CentralizedSparsifiedSGD

class mlbench_core.optim.pytorch.centralized.CentralizedSparsifiedSGD(params=None, lr=required, weight_decay=0, sparse_grad_size=10, random_sparse=False, world_size=1, average_world=True)[source]

Implements centralized sparsified version of stochastic gradient descent.

Parameters
  • params (iterable) – iterable of parameters to optimize or dicts defining parameter groups

  • lr (float) – Learning rate

  • weight_decay (float, optional) – weight decay (L2 penalty) (default: 0)

  • sparse_grad_size (int) – Size of the sparsified gradients vector (default: 10)

  • random_sparse (bool) – Whether select random sparsification (default: False)

  • average_world (bool) – Whether to average models on the world_size (default: True)

step(self, closure=None)[source]

Aggregates the gradients and performs a single optimization step.

Parameters

closure (callable, optional) – A closure that reevaluates the model and returns the loss.

PowerSGD

class mlbench_core.optim.pytorch.centralized.PowerSGD(model=None, lr=required, momentum=0, weight_decay=0, dampening=0, nesterov=False, average_world=True, use_cuda=False, by_layer=False, reuse_query=False, world_size=1, rank=1)[source]

Implements PowerSGD with error feedback (optionally with momentum).

Parameters
  • model (nn.Module) – Model which contains parameters for SGD

  • lr (float) – learning rate

  • momentum (float, optional) – momentum factor (default: 0)

  • weight_decay (float, optional) – weight decay (L2 penalty) (default: 0)

  • dampening (float, optional) – dampening for momentum (default: 0)

  • nesterov (bool, optional) – enables Nesterov momentum (default: False)

  • average_world (bool) – Whether to average models on the world_size (default: True)

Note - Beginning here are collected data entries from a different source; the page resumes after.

Lemma opnorm_le eps :
  0 <= eps -> (forall g, maxnorm g = 1 -> maxnorm (T g) <= eps) -> opnorm T <= eps.
Proof.
move=> eps0 Teps; rewrite /opnorm; set S := [set r | _].
have [[r Sr]|S0] := pselect (S !=set0).
  by apply: ge_sup; [exists r | move=> _ [g [g1 ->]]; apply: Teps].
suff -> : S = set0 by rewrite sup0.
by apply/seteqP; split => // r Sr; apply: S0; exists r.
Qed.

Lemma opnorm_ge0 M : (forall g, maxnorm g = 1 -> maxnorm (T g) <= M) -> 0 <= opnorm T.
Proof.
move=> TM; rewrite /opnorm; set S := [set r | _].
have [[_ [g [g1 _]]]|S0] := pselect (S !=set0).
  apply: le_trans (maxnorm_ge0 (T g)) _; apply: ub_le_sup; last by exists g.
  by exists M => _ [h [h1 ->]]; apply: TM.
suff -> : S = set0 by rewrite sup0.
by apply/seteqP; split => // r Sr; apply: S0; exists r.
Qed.

Hypothesis T_homog : forall (lam : R) (f : X -> R), 0 <= lam ->
  T (fun z => lam * f z) = (fun x => lam * T f x).

Lemma maxnorm_le_opnorm M f : (forall g, maxnorm g = 1 -> maxnorm (T g) <= M) ->
  maxnorm (T f) <= maxnorm f * opnorm T.
Proof.
move=> TM; have [f0|f_neq0] := eqVneq (maxnorm f) 0.
  have f_eq : (fun z => 0 * f z) = f.
    by rewrite (maxnorm_eq0 f0); apply: funext => z; rewrite mul0r.
  by rewrite -{1}f_eq T_homog // maxnormZ // f0 !mul0r.
have fpos : 0 < maxnorm f by rewrite lt_neqAle eq_sym f_neq0 maxnorm_ge0.
pose h z := (maxnorm f)^-1 * f z.
have Tf : T f = (fun x => maxnorm f * T h x).
  rewrite -T_homog ?maxnorm_ge0 //; congr T; apply: funext => z.
  by rewrite /h mulrA mulfV // mul1r.
have h1 : maxnorm h = 1 by rewrite maxnormZ ?invr_ge0 ?maxnorm_ge0 // mulVf.
rewrite Tf maxnormZ ?maxnorm_ge0 // ler_wpM2l ?maxnorm_ge0 // /opnorm.
apply: ub_le_sup; last by exists h.
by exists M => _ [g [g1 ->]]; apply: TM.
Qed.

  • use_cuda (bool) – Whether to use cuda tensors for aggregation

  • by_layer (bool) – Aggregate by layer instead of all layers at once

  • reuse_query (bool) – Whether to use warm start to initialize the power iteration

  • rank (int) – The rank of the gradient approximation

step(self, closure=None, tracker=None)[source]

Performs a single optimization step.

Parameters
  • closure (callable, optional) – A closure that reevaluates the model and returns the loss.

  • tracker (mlbench_core.utils.Tracker, optional) –

Decentralized (Asynchronous) Optimizers

The optimizers in this module are all distributed and asynchronous: workers advance independently from each other, and communication patterns follow an arbitrary graph.

DecentralizedSGD

class mlbench_core.optim.pytorch.decentralized.DecentralizedSGD(rank=None, neighbors=None, model=None, lr=required, momentum=0, dampening=0, weight_decay=0, nesterov=False, average_world=True, use_cuda=False, by_layer=False)[source]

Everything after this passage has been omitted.